BACKGROUND OF THE INVENTION

Valve train components, such as switchable hydraulic pivot elements, switchable roller lifters and valve lifters, typically comprise an outer housing with a bore therein that houses an inner cylindrical body which moves reciprocally in the bore. The bore and the inner housing are concentric and the surface of the bore and the outer surface of the inner housing have opposing cylindrical surfaces which are coaxial to one another.

In order to prevent rotational movement between the two opposing cylindrical surfaces, anti-rotational mechanisms, such as a channel and a pin, are often used. The channel is cut or formed axially in one of the opposing cylindrical surfaces and a pin is radially fixed in the other opposing cylindrical surface. The pin extends radially into the channel and, thereby, prevents rotational movement between the two cylindrical surfaces. The channel can be closed at one or both ends such that the closed end of the channel acts as a stop to control lash between the outer and inner housings.

It can be difficult to form the channel-pin arrangement in the opposing cylindrical surfaces. The groove has to be cut in one of the opposing cylindrical surfaces, a hole has to be drilled in the other of the opposing cylindrical surfaces, and the pin inserted in the hole. Depending on the size of the two cylindrical members, this can be a rather complicated process.
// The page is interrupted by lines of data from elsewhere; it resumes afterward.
Theorem proposition2 (R : realType) (n : nat)
  (F N : 'rV[R]_n -> 'rV[R]_(n.+2)) (kappa : R) :
  immersion_H F ->
  horosphere (range F) ->
  unit_normal F N ->
  (kappa = 1 \/ kappa = -1) ->
  (forall x k, principal_curvature F N x k -> k = kappa) ->
  let Fh := fun (x : 'rV[R]_n) (t : R) =>
    cosh (n%:R * t) *: F x + (kappa * sinh (n%:R * t)) *: N x in
  (forall x, Fh x 0 = F x) /\
  exists Nh : 'rV[R]_n -> R -> 'rV[R]_(n.+2),
    forall t : R,
      immersion_H (fun x => Fh x t) /\
      unit_normal (fun x => Fh x t) (fun x => Nh x t) /\
      (forall x, derivable (Fh x) t 1 /\
         derive1 (Fh x) t = mean_curvature (fun y => Fh y t) (fun y => Nh y t) x
                         *: Nh x t) /\
      horosphere (range (fun x => Fh x t)).
Proof.
move=> immF [v [vv [v_gt0 rangeF]]] normalN kappa_pm1 curv Fh.
have horoF : horo_immersion F v by [].
have kk : kappa * kappa = 1 by case: kappa_pm1 => ->; rewrite ?mulrNN mulr1.
have FhE x t : Fh x t = horo_parallel F v (n%:R * t) x.
  have [n0|n_gt0] := posnP n.
    have nt0 : n%:R * t = 0 by rewrite n0 mul0r.
    by rewrite /Fh nt0 horo_parallel0 cosh0 sinh0 mulr0 scale0r scale1r addr0.
  rewrite /Fh (horo_normal_principal_curvature n_gt0 horoF normalN curv).
  exact: cosh_sinh_horo_parallel.
split=> [x|]; first by rewrite FhE mulr0 horo_parallel0.
exists (fun x t => kappa *: (expR (n%:R * t) *: v - Fh x t)) => t.
have [immFt ww_t w_t_gt0 rangeFt] := horo_immersion_parallel horoF (n%:R * t).
rewrite (_ : (fun x => Fh x t) = horo_parallel F v (n%:R * t)); last exact: funext.
under [fun x => kappa *: _]eq_fun do rewrite FhE.
split=> //; split; first exact: horo_unit_normal.
split=> [x|]; last by exists (expR (n%:R * t) *: v).
have dFh : is_derive t 1 (Fh x) (n%:R *: (expR (n%:R * t) *: v - Fh x t)).
  rewrite (_ : Fh x = fun s => horo_parallel F v (n%:R * s) x); last exact: funext.
  exact: is_derive_horo_parallel.
split; first exact: ex_derive.
by rewrite derive1E derive_val horo_mean_curvature // scalerA mulrAC kk mul1r FhE.
Qed.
In switchable valve train components, mechanical lash is generally defined as the axial play or clearance between the locking mechanism of the inner housing and an engageable feature on the outer housing during the locked mode. Control of mechanical lash is achieved by altering the axial height of the locking mechanism contained within the inner housing with respect to the engageable locking surface of the outer housing.

It is important to control mechanical lash to a specified range and avoid excessive play or movement between the inner and outer housings. The camshaft that actuates a switchable component is designed to accommodate the prescribed mechanical lash. If the mechanical lash falls outside of the design parameters of the camshaft, the potential for accelerated locking mechanism wear is increased. In this state, the dynamic performance of the valve train may be compromised. A controlled mechanical lash between the housings provides for a more durable switchable valve train component as well as the other components of the valve train.

OBJECT OF THE INVENTION

It is the object of this Invention to provide an inexpensive and simple mechanism for controlling lash and for preventing rotation between two opposing cylindrical surfaces of reciprocating members.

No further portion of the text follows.